The repeated flurothyl seizure model can be used to understand how seizures develop and become more complex over time, and to explore the mechanistic intersections of the forebrain seizure network and brainstem seizure network that may lead to more complex seizure types (Applegate et al., 1997; Samoriski and Applegate, 1997; Samoriski et al., 1997; Ferland and Applegate, 1998a; 1998b and 1999). With the repeated flurothyl seizure model, C57BL/6J mice express clonic-forebrain seizures during eight flurothyl induction trials (Samoriski and Applegate, 1997; Papandrea et al., 2009). Following a one month incubation period and a rechallenge with flurothyl, C57BL/6J mice express a clonic-forebrain seizure that rapidly and uninterruptedly transitions into a tonic-brainstem seizure (Samoriski and Applegate, 1997; Ferland and Applegate, 1998b). We refer to these seizures as forebrainbrainstem seizures denoting the ictal progression from the forebrain seizure network to the brainstem seizure network (Papandrea et al., 2009; Kadiyala et al., 2015).
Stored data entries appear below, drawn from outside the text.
Lemma card_dissociation_le (S : {set Hvert T k}) :
  #|T| < 2 * (k - 1) -> dissociation H S -> #|S| <= #|T| + 2 * (k - 1).
Proof.
move=> small /dissociationP dissS; rewrite card_parts.
have partW_le : #|partW S| <= 2 * (k - 1) by rewrite -card_W subset_leq_card ?subsetT.
have [-> | [u uS]] := set_0Vmem (partV S).
  by rewrite cards0 add0n; apply: leq_add => //; apply: max_card.
have partW_le1 : #|partW S| <= 1.
  rewrite inE in uS; apply: leq_trans (dissS _ uS).
  rewrite -(@card_in_imset _ _ (fun w => vW w)) => [|? ? _ _ []//].
  by apply/subset_leq_card/subsetP => _ /imsetP[w + ->]; rewrite !inE => ->.
have := max_card (partV S); have := max_card (partV' S); lia.
Qed.

Definition max_independent : {set Hvert T k} :=
  [set x | match x with inl (inr _) => true | inr w => w.2 | _ => false end].

Definition max_dissociation : {set Hvert T k} :=
  [set x | match x with inl (inl _) => false | _ => true end].

Lemma independent_max_independent : independent H max_independent.
Proof.
apply/independentP => x y; rewrite !inE.
by case: x y => [[u|u]|[i []]] [[v|v]|[j []]] //=; rewrite andbF.
Qed.

Lemma card_max_independent : #|max_independent| = #|T| + (k - 1).
Proof.
rewrite card_parts.
have -> : partV max_independent = set0 by apply/setP => u; rewrite !inE.
have -> : partV' max_independent = setT by apply/setP => u; rewrite !inE.
have -> : partW max_independent = setX setT [set true].
  by apply/setP => -[i []]; rewrite !inE.
by rewrite cards0 cardsT cardsX cardsT cards1 card_ord muln1.
Qed.

Lemma dissociation_max_dissociation : dissociation H max_dissociation.
Proof.
apply/dissociationP => -[[u|u]|[i b]]; rewrite inE // => _.
  rewrite (_ : [set _ in _ | _] = set0) ?cards0 //.
  by apply/setP => -[[v|v]|[j c]]; rewrite !inE.
apply: (@leq_trans #|[set vW (i, ~~ b)]|); last by rewrite cards1.
apply/subset_leq_card/subsetP.
by move=> [[v|v]|[j c]]; rewrite !inE //= => /andP[/eqP-> ]; case: b c => [] [].
Qed.

Lemma card_max_dissociation : #|max_dissociation| = #|T| + 2 * (k - 1).
Proof.
rewrite card_parts.
have -> : partV max_dissociation = set0 by apply/setP => u; rewrite !inE.
have -> : partV' max_dissociation = setT by apply/setP => u; rewrite !inE.
have -> : partW max_dissociation = setT by apply/setP => u; rewrite !inE.
by rewrite cards0 cardsT card_W.
Qed.

Lemma Hedge_meets_V_or_W x y :
  H x y -> (exists u, vV u \in [set x; y]) \/ (exists i, vW (i, false) \in [set x; y]).
Proof.
case: x => [[u|u]|[i b]]; first by left; exists u; rewrite set21.
  by case: y => [[v|v]|//] //= _; left; exists v; rewrite set22.
case: y => [[v|v]|[j c]] //= => [_ | /andP[/eqP<- bc]].
  by left; exists v; rewrite set22.
by right; exists i; case: b c bc => [] [] // _; rewrite !inE eqxx ?orbT.
Qed.

Lemma k1_le_nu_s : irreflexive e -> k - 1 <= nu_s H.
Proof.
move=> irr.
have [||matchW cardW] := induced_matching_pairs (P := [set: 'I_(k - 1)])
  (f := fun i => vW (i, false)) (g := fun i => vW (i, true)) (Hrel_irreflexive irr).
- by move=> i _ /=; rewrite eqxx.
- by move=> i j _ _ x y /set2P[]-> /set2P[]-> /andP[/eqP].
- by rewrite -(card_ord (k - 1)) -cardsT -cardW nu_s_ge.
Qed.

Lemma alpha_le_nu_s : irreflexive e -> alpha e <= nu_s H.
Proof.
move=> irr; apply: alpha_le => I /independentP indI.
have [||matchI cardI] := induced_matching_pairs (P := I)
  (f := fun u => vV u) (g := fun u => vV' u) (Hrel_irreflexive irr).
- by move=> u _ /=.
- move=> i j iI jI x y /set2P[]-> /set2P[]-> //= => [|/eqP//|/eqP//].
  by rewrite (negbTE (indI i j iI jI)).
- by rewrite -cardI nu_s_ge.
Qed.

Lemma card_matching_meeting_V_le (N : {set {set Hvert T k}}) :
  irreflexive e -> induced_matching H N ->
  {in N, forall A : {set Hvert T k}, exists u, vV u \in A} -> #|N| <= alpha e.
Proof.
move=> irr matchN meetV.
have [-> | [A0 A0N]] := set_0Vmem N; first by rewrite cards0.
have [u0 _] := meetV A0 A0N.
have [g gP injg] := induced_matching_choice matchN (f := fun u => vV u) u0 meetV.
rewrite -(card_in_imset injg); apply: alpha_ge; apply/independentP.
move=> _ _ /imsetP[A AN ->] /imsetP[B BN ->]; apply/negP => eAB.
have eqAB := induced_matching_adj matchN AN BN (gP A AN) (gP B BN) eAB.
by move: eAB; rewrite eqAB irr.
Qed.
Lastly, C57BL6/J mice exposed to the repeated flurothyl seizure model rapidly develop spontaneous seizures that appear to remit without treatment following 1 month (Kadiyala et al., 2016), in contrast to DBA2/J mice which also rapidly develop spontaneous seizures that do not remit (Kadiyala and Ferland, 2017). Here, we describe the methods for assaying mice in the repeated flurothyl seizure model, which was originally described 20 years ago (Applegate et al., 1997; Samoriski and Applegate, 1997) and continues to be characterized.